24 abril 2014,
Rádio Moçambique http://www.rm.co.mz (Moçambique)
Em Moçambique, o ritmo de crescimento anual tem
rondado os 8% nos últimos anos, em parte devido à descoberta de reservas
energéticas. Porém, metade dos 23 milhões de habitantes vive na pobreza.
Contrastes abordados pela euronews com o Presidente Armando Guebuza, durante a
cimeira recente cimeira UE-África, em Bruxelas e só agora tornada pública.
Euronews:Esta cimeira União Europeia-África quer passar de um
modelo de ajuda para um modelo de investimento e comércio, nomeadamente com o
sector privado. No que é que isso se vai traduzir?
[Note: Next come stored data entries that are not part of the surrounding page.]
(* Let $\mathbb{F}$ be a field of characteristic $2$, $V$ a finite-dimensional $\mathbb{F}$-vector space and $b$ a non-degenerate symmetric bilinear form on $V$. Let $x$ be a non-zero vector of $V$ with $b(x,x)=0$, and let $u$ be a $b$-symmetric endomorphism of $V$. The following are equivalent: (i) $u(x)=0$ and $u(\{x\}^\perp) \subset \mathbb{F}x$; (ii) there exist $y \in \{x\}^\perp$ and $\alpha \in \mathbb{F}$ such that $u = \alpha\, x\otimes_b x + x\wedge_b y$. Moreover, if these conditions hold then $u$ is nilpotent and $u^3=0$.
   Context: An endomorphism $u$ of $V$ is $b$-symmetric if $(x,y)\mapsto b(x,u(y))$ is symmetric. $\{x\}^\perp = \{z\in V : b(x,z)=0\}$. For $x,y\in V$, $x\otimes_b x$ is the endomorphism $z\mapsto b(x,z)\,x$, and $x \wedge_b y$ is the endomorphism $z \mapsto b(y,z)\,x - b(x,z)\,y$. *)

From HB Require Import structures.
From mathcomp Require Import all_boot all_order all_algebra all_field.
Set Implicit Arguments. Unset Strict Implicit. Unset Printing Implicit Defensive.
Import GRing.Theory.
Local Open Scope ring_scope.

Definition b_symmetric (F : fieldType) (V : vectType F)
  (b : {symmetric V}) (u : 'End(V)) : Prop :=
  forall x y : V, b x (u y) = b y (u x).

Definition btensor (F : fieldType) (V : vectType F)
  (b : {symmetric V}) (x : V) : 'End(V) :=
  linfun (fun z : V => b x z *: x).

Definition bwedge (F : fieldType) (V : vectType F)
  (b : {symmetric V}) (x y : V) : 'End(V) :=
  linfun (fun z : V => b y z *: x - b x z *: y).

Definition lfun_pow (F : fieldType) (V : vectType F) (u : 'End(V)) (n : nat)
  : 'End(V) := iter n (fun f => (u \o f)%VF) \1%VF.

Definition lfun_nilpotent (F : fieldType) (V : vectType F) (u : 'End(V)) : Prop :=
  exists n : nat, lfun_pow u n = 0.

From HB Require Import structures.
From mathcomp Require Import all_boot all_order all_algebra all_field.
Set Implicit Arguments. Unset Strict Implicit. Unset Printing Implicit Defensive.
Import GRing.Theory.
Local Open Scope ring_scope.

(* A b-symmetric u with u x = 0 maps V into x^⊥, as b(x, u z) = b(z, u x) = 0;
   if moreover u(x^⊥) ⊆ Fx, then u^3 = 0.  Non-degeneracy gives w with
   b(x, w) = 1, and splitting z = (z - b(x,z) w) + b(x,z) w shows
   u = x ⊗ u w + u w ⊗ x - b(w, u w) x ⊗ x in any characteristic.  In
   characteristic 2 the symmetric part x ⊗ y + y ⊗ x is the wedge x ∧ y. *)

Section SymmetricForm.
Variables (F : fieldType) (V : vectType F) (b : {symmetric V}).

Lemma symmetric_formC (u v : V) : b u v = b v u.
Proof. by rewrite hermC /= expr0 mul1r. Qed.

Definition btensor_fun (x z : V) : V := b x z *: x.

Fact btensor_fun_is_linear x : linear (btensor_fun x).
Proof. by move=> a u v; rewrite /btensor_fun linearD linearZ /= scalerDl scalerA. Qed.

HB.instance Definition _ x :=
  GRing.isLinear.Build F V V *:%R (btensor_fun x) (btensor_fun_is_linear x).

Lemma btensorE x z : btensor b x z = b x z *: x.
Proof. exact: (lfunE (btensor_fun x)). Qed.

Definition bwedge_fun (x y z : V) : V := b y z *: x - b x z *: y.

Fact bwedge_fun_is_linear x y : linear (bwedge_fun x y).
Proof.
move=> a u v; rewrite /bwedge_fun !linearD !linearZ /= !scalerDl !scalerA.
by rewrite ![_ * a]mulrC addrACA.
Qed.

HB.instance Definition _ x y :=
  GRing.isLinear.Build F V V *:%R (bwedge_fun x y) (bwedge_fun_is_linear x y).

Lemma bwedgeE x y z : bwedge b x y z = b y z *: x - b x z *: y.
Proof. exact: (lfunE (bwedge_fun x y)). Qed.

Lemma bwedgeE_pchar2 x y z : 2 \in [pchar F] ->
  bwedge b x y z = b y z *: x + b x z *: y.
Proof. by move=> ch2; rewrite bwedgeE -scaleNr oppr_pchar2. Qed.

Lemma nondegenerate_exists_form_eq1 x : nondegenerate b -> x != 0 ->
  exists w, b x w = 1.
Proof.
move=> /eqP radb0 x_neq0.
have /mem_orthovPn[v _ bxv_neq0] : x \notin orthov b fullv.
  by rewrite radb0 memv0.
by exists ((b x v)^-1 *: v); rewrite linearZ /= mulVf.
Qed.

Lemma btensor_bwedge_orthov_line x y alpha :
  b x x = 0 -> y \in orthov b <[x]>%VS ->
  let u := alpha *: btensor b x + bwedge b x y in
  u x = 0 /\ {in orthov b <[x]>%VS, forall z, u z \in <[x]>%VS}.
Proof.
move=> bxx0 /[!mem_orthov1] /eqP byx0 u.
split=> [|z /[!mem_orthov1] /eqP bzx0];
  rewrite add_lfunE scale_lfunE btensorE bwedgeE.
  by rewrite bxx0 byx0 !scale0r scaler0 subrr addr0.
rewrite symmetric_formC bzx0 !scale0r scaler0 add0r subr0.
by rewrite memvZ ?memv_line.
Qed.

Section SymmetricEndomorphism.
Variables (u : 'End(V)) (x : V).
Hypothesis u_sym : b_symmetric b u.
Hypothesis u_orthov : {in orthov b <[x]>%VS, forall z, u z \in <[x]>%VS}.

Lemma b_symmetric_decomposition w : b x w = 1 -> forall z,
  u z = b (u w) z *: x + b x z *: u w - (b w (u w) * b x z) *: x.
Proof.
move=> bxw1 z.
pose z' := z - b x z *: w.
have bwx1 : b w x = 1 by rewrite symmetric_formC.
have z'_orthov : z' \in orthov b <[x]>%VS.
  by rewrite mem_orthov1 linearBl linearZl_LR /= bwx1 mulr1 symmetric_formC subrr.
have /vlineP[c uz'] := u_orthov z'_orthov.
have c_val : c = b z (u w) - b x z * b w (u w).
  have := u_sym w z'; rewrite uz' linearZ /= bwx1 mulr1 => ->.
  by rewrite linearBl linearZl_LR.
have -> : u z = u z' + b x z *: u w by rewrite linearB linearZ /= subrK.
by rewrite uz' c_val symmetric_formC scalerBl addrAC mulrC.
Qed.

Hypothesis ux0 : u x = 0.

Lemma b_symmetric_img_orthov z : u z \in orthov b <[x]>%VS.
Proof. by rewrite mem_orthov1 symmetric_formC u_sym ux0 linear0. Qed.

Lemma b_symmetric_cube : (u \o u \o u)%VF = 0.
Proof.
apply/lfunP => z; rewrite !comp_lfunE zero_lfunE.
have /vlineP[c ->] := u_orthov (b_symmetric_img_orthov z).
by rewrite linearZ /= ux0 scaler0.
Qed.

End SymmetricEndomorphism.

End SymmetricForm.

Lemma lfun_nilpotent_cube (F : fieldType) (V : vectType F) (u : 'End(V)) :
  (u \o u \o u)%VF = 0 -> lfun_nilpotent u.
Proof.
move=> u3_eq0; exists 3%N; rewrite -u3_eq0; apply/lfunP => z.
by rewrite /lfun_pow /= !comp_lfunE id_lfunE.
Qed.

Theorem proposition4p5 (F : fieldType) (V : vectType F) (b : {symmetric V})
  (x : V) (u : 'End(V)) :
  2 \in [pchar F] ->
  nondegenerate b ->
  x != 0 -> b x x = 0 ->
  b_symmetric b u ->
  ((u x = 0 /\ (forall z, z \in orthov b <[x]>%VS -> u z \in <[x]>%VS))
   <->
   (exists (y : V) (alpha : F), y \in orthov b <[x]>%VS /\
      u = alpha *: btensor b x + bwedge b x y))
  /\
  ((u x = 0 /\ (forall z, z \in orthov b <[x]>%VS -> u z \in <[x]>%VS)) ->
   lfun_nilpotent u /\ (u \o u \o u)%VF = 0).
Proof.
move=> ch2 nondeg x_neq0 bxx0 u_sym.
split; last first.
  case=> ux0 u_orthov; have u3_eq0 := b_symmetric_cube u_sym u_orthov ux0.
  by split; first exact: lfun_nilpotent_cube.
split=> [[ux0 u_orthov] | [y [alpha [y_orthov ->]]]]; last first.
  exact: btensor_bwedge_orthov_line.
have [w bxw1] := nondegenerate_exists_form_eq1 nondeg x_neq0.
exists (u w), (- b w (u w)); split; first exact: b_symmetric_img_orthov.
apply/lfunP => z.
rewrite (b_symmetric_decomposition u_sym u_orthov bxw1) add_lfunE.
by rewrite scale_lfunE btensorE bwedgeE_pchar2 // scalerA mulNr scaleNr addrC.
Qed.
Armando Guebuza: Um dos nossos sectores tradicionais é o da
agricultura, onde a produtividade está a aumentar. Isso já é um passo
importante e gera a necessidade de criar agroindústria. Isso gera, ainda com
mais acuidade, a necessidade de termos infraestruturas para
poder alimentar
esses processos. E também há o turismo. África é um centro turístico
importante, não só pelas praias, mas sobretudo pela natureza, pela fauna
bravia, etc.
Euronews:E qual seria o papel dos europeus, nomeadamente nesta
nova pareceria de comércio e investimento? Qual é o modelo que seria desejável
para otimizar esse crescimento?
Armando Guebuza:O que a Europa pode e deve continuar a fazer é
apoiar-nos, sobretudo, nas infraestruturas, na formação e no combate às doenças
perigosas. Em Moçambique está-se a trabalhar, numa fase ainda pouco avançada,
na pesquisa da vacina contra a cólera para as crianças. A mão da Europa tem
sido muito forte no apoio à criação das instituições. Moçambique tem hoje mais
de 40 instituições de ensino superior distribuídas por todas as províncias.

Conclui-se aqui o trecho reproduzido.